= Barbara Edelpöck =

Royal mistress
Barbara Edelpöck (Edelpöck/Edelpeck Borbála; ? – 9 March 1495) was the mistress of Matthias Corvinus, King of Hungary. She gave birth to the King's only, although illegitimate, child, John Corvinus.

==Life==
Barbara Edelpöck was a daughter of Hans Edelpöck, a citizen of Stein (now Krems an der Donau) in Lower Austria. Matthias Corvinus King of Hungary and Bohemia met Barbara Edelpöck during the 1470 Vienna Summit, where Frederick III, Holy Roman Emperor organized dance parties. Matthias took her with him to Buda.
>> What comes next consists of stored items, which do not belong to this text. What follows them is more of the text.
(* Let $G$ be a graph on vertex set $V=\{1,\ldots,n\}$ and let $G_l$ be a graph on $V$ with $E(G)\subseteq E(G_l)$. Suppose $A\in\mathcal{S}(G)$, $X\in\overline{\mathcal{S}_0}(G_l^c)$, and $AX-XA=0$. If for some pairwise distinct vertices $i,j,k$ with $k\in N_G[i]$ the pair $\{i,j\}$ is focused on $\{k\}$ with respect to $G$ and $G_l$, then $X\in\overline{\mathcal{S}_0}(G_{l+1}^c)$, where $G_{l+1}=G_l+\{j,k\}$ is obtained from $G_l$ by adding the edge $\{j,k\}$.
   Context: All graphs are finite, simple, undirected. For a graph $G$ on $\{1,\ldots,n\}$, $\mathcal{S}(G)$ is the set of real symmetric $n\times n$ matrices $A=(a_{ij})$ with $a_{ij}\neq0$ iff $\{i,j\}\in E(G)$ for $i\neq j$ (diagonal arbitrary). For a graph $H$ on $\{1,\ldots,n\}$, $\overline{\mathcal{S}_0}(H)$ is the set of real symmetric $n\times n$ matrices whose $(i,j)$ entry is zero whenever $i=j$ or $\{i,j\}\notin E(H)$; thus $X\in\overline{\mathcal{S}_0}(G_l^c)$ means $X$ is real symmetric with zero diagonal and $x_{ij}=0$ whenever $\{i,j\}\in E(G_l)$ ($G_l^c$ is the complement). $N_G[v]$ is the closed neighbourhood of $v$ in $G$ (vertices at distance at most 1 from $v$), and $N_G[v]^c$ denotes its complement in the vertex set. For a nonempty $U\subseteq V$, a pair $\{i,j\}$ is focused on $U$ with respect to $G$ and $G_l$ if $N_G[i]\cap N_{G_l}[j]^c\subseteq U$ and $N_G[j]\cap N_{G_l}[i]^c\subseteq U$. *)

From HB Require Import structures.
From mathcomp Require Import all_boot all_order all_algebra.
Set Implicit Arguments. Unset Strict Implicit. Unset Printing Implicit Defensive.
Import Order.TTheory GRing.Theory Num.Theory.
Local Open Scope ring_scope.

Definition simple_graph (n : nat) (G : rel 'I_n) : Prop :=
  symmetric G /\ irreflexive G.

Definition subgraph_edges (n : nat) (G H : rel 'I_n) : Prop :=
  forall i j, G i j -> H i j.

Definition compl_graph (n : nat) (G : rel 'I_n) : rel 'I_n :=
  fun i j => (i != j) && ~~ G i j.

Definition add_edge (n : nat) (G : rel 'I_n) (a b : 'I_n) : rel 'I_n :=
  fun i j => [|| G i j, (i == a) && (j == b) | (i == b) && (j == a)].

Definition cnbhd (n : nat) (G : rel 'I_n) (v : 'I_n) : {set 'I_n} :=
  [set u | (u == v) || G v u].

Definition S_mat (R : realFieldType) (n : nat) (G : rel 'I_n)
    (A : 'M[R]_n) : Prop :=
  A^T = A /\ forall i j, i != j -> (A i j != 0) = G i j.

Definition S0bar_mat (R : realFieldType) (n : nat) (H : rel 'I_n)
    (X : 'M[R]_n) : Prop :=
  X^T = X /\ forall i j, (i == j) || ~~ H i j -> X i j = 0.

Definition focused (n : nat) (G Gl : rel 'I_n) (U : {set 'I_n}) (i j : 'I_n)
    : Prop :=
  (cnbhd G i :&: ~: cnbhd Gl j) \subset U /\
  (cnbhd G j :&: ~: cnbhd Gl i) \subset U.

(* Expand the (i, j) entry of A X - X A = 0. A term A_il X_lj survives only if
   l is in N_G[i] (pattern of A) and outside N_Gl[j] (X vanishes on E(Gl)),
   so focusing on {k} leaves A_ik X_kj alone; transposing, the other product
   leaves A_jk X_ki, and X_ki = 0 because {i, k} is an edge of G, hence of Gl.
   Thus A_ik X_kj = 0 with A_ik <> 0. *)
From HB Require Import structures.
From mathcomp Require Import all_boot all_order all_algebra.
Set Implicit Arguments. Unset Strict Implicit. Unset Printing Implicit Defensive.
Import Order.TTheory GRing.Theory Num.Theory.
Local Open Scope ring_scope.

Lemma mulmx_entry_supported (R : pzRingType) (n : nat) (A X : 'M[R]_n)
    (i j : 'I_n) (D N U : {set 'I_n}) :
  (forall l, l \notin D -> A i l = 0) -> (forall l, l \in N -> X l j = 0) ->
  D :&: ~: N \subset U -> (A *m X) i j = \sum_(l in U) A i l * X l j.
Proof.
move=> A0 X0 sDU; rewrite mxE (bigID (fun l => l \in U)) /= addrC.
rewrite big1 ?add0r // => l lU.
have [lD|/A0->] := boolP (l \in D); last by rewrite mul0r.
rewrite X0 ?mulr0 //; apply: contraNT lU => lN.
by apply: (subsetP sDU); rewrite !inE lD lN.
Qed.

Lemma S_mat_eq0 (R : realFieldType) (n : nat) (G : rel 'I_n) (A : 'M[R]_n)
    (p q : 'I_n) :
  S_mat G A -> q \notin cnbhd G p -> A p q = 0.
Proof.
case=> _ HA; rewrite inE negb_or => /andP[qp nGpq].
by apply/eqP; rewrite -[_ == 0]negbK HA 1?eq_sym // (negbTE nGpq).
Qed.

Lemma S0bar_matC (R : realFieldType) (n : nat) (H : rel 'I_n) (X : 'M[R]_n)
    (p q : 'I_n) :
  S0bar_mat H X -> X p q = X q p.
Proof. by case=> tX _; rewrite -[in LHS]tX mxE. Qed.

Lemma S0bar_compl_eq0 (R : realFieldType) (n : nat) (H : rel 'I_n)
    (X : 'M[R]_n) (p q : 'I_n) :
  S0bar_mat (compl_graph H) X -> (p == q) || H p q -> X p q = 0.
Proof.
by case=> _ HX pq; apply: HX; rewrite /compl_graph negb_and !negbK orbA orbb.
Qed.

Lemma S0bar_compl_cnbhd_eq0 (R : realFieldType) (n : nat) (H : rel 'I_n)
    (X : 'M[R]_n) (p q : 'I_n) :
  S0bar_mat (compl_graph H) X -> p \in cnbhd H q -> X p q = 0.
Proof.
move=> HX; rewrite (S0bar_matC _ _ HX) inE => qHp.
by apply: (S0bar_compl_eq0 HX); rewrite eq_sym.
Qed.

Lemma S0bar_add_edge (R : realFieldType) (n : nat) (H : rel 'I_n)
    (X : 'M[R]_n) (a b : 'I_n) :
  S0bar_mat (compl_graph H) X -> X a b = 0 ->
  S0bar_mat (compl_graph (add_edge H a b)) X.
Proof.
move=> HX Xab; split=> [|p q]; first by case: HX.
rewrite /compl_graph /add_edge negb_and !negbK orbA orbb orbA => pHq.
case/orP: pHq => [pHq | /orP[/andP[/eqP-> /eqP->] // | /andP[/eqP-> /eqP->]]].
- exact: S0bar_compl_eq0 HX pHq.
- by rewrite (S0bar_matC _ _ HX).
Qed.

Section FocusedEntry.

Variables (R : realFieldType) (n : nat) (G Gl : rel 'I_n) (A X : 'M[R]_n).
Hypotheses (HA : S_mat G A) (HX : S0bar_mat (compl_graph Gl) X).

Lemma mulmx_entry_focused (i j : 'I_n) (U : {set 'I_n}) :
  cnbhd G i :&: ~: cnbhd Gl j \subset U ->
  (A *m X) i j = \sum_(l in U) A i l * X l j.
Proof.
apply: mulmx_entry_supported => l.
- exact: S_mat_eq0.
- exact: S0bar_compl_cnbhd_eq0.
Qed.

Lemma mulmx_sym_trmx : X *m A = (A *m X)^T.
Proof. by case: HA => tA _; case: HX => tX _; rewrite trmx_mul tA tX. Qed.

Lemma commutator_entry_focused (i j k : 'I_n) :
  focused G Gl [set k] i j ->
  (A *m X - X *m A) i j = A i k * X k j - A j k * X k i.
Proof.
case=> Fij Fji.
have -> : (A *m X - X *m A) i j = (A *m X) i j - (A *m X) j i.
  by rewrite mulmx_sym_trmx !mxE.
by rewrite (mulmx_entry_focused Fij) (mulmx_entry_focused Fji) !big_set1.
Qed.

End FocusedEntry.

Theorem lemma3p3 (R : realFieldType) (n : nat) (G Gl : rel 'I_n)
  (HG : simple_graph G) (HGl : simple_graph Gl)
  (Hsub : subgraph_edges G Gl)
  (A X : 'M[R]_n)
  (HA : S_mat G A) (HX : S0bar_mat (compl_graph Gl) X)
  (Hcomm : A *m X - X *m A = 0)
  (i j k : 'I_n)
  (Hij : i != j) (Hik : i != k) (Hjk : j != k)
  (Hk : k \in cnbhd G i)
  (Hfoc : focused G Gl [set k] i j) :
  S0bar_mat (compl_graph (add_edge Gl j k)) X.
Proof.
have Gik : G i k by move: Hk; rewrite inE eq_sym (negbTE Hik).
have Aik : A i k != 0 by case: HA => _ ->.
have Xki : X k i = 0.
  by apply: S0bar_compl_cnbhd_eq0 HX _; rewrite inE (Hsub _ _ Gik) orbT.
have Xkj : X k j = 0.
  have := congr1 (fun M : 'M[R]_n => M i j) Hcomm.
  rewrite (commutator_entry_focused HA HX Hfoc) Xki mulr0 subr0 mxE.
  by move/eqP; rewrite mulf_eq0 (negbTE Aik) => /eqP.
by apply: S0bar_add_edge; rewrite // (S0bar_matC _ _ HX).
Qed.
On 2 April 2 1473, their child, John Corvinus was born in Buda, whom Barbara began to raise in Besztercebánya in a house given by King Matthias until 1476. In 1476, Matthias married Beatrice of Aragon, and after they had no children, in 1479 he recognized John Corvinus as his legitimate son.

Barbara Edelpöck married Friedrich von Enzersdorf in 1476, with whom she had two more children (which was revealed in her will, but their names are not known) and they lived in a castle bought by Matthias in Enzersdorf in Lower Austria. Barbara died in Klosterneuburg in Lower Austria in 9 March 1495.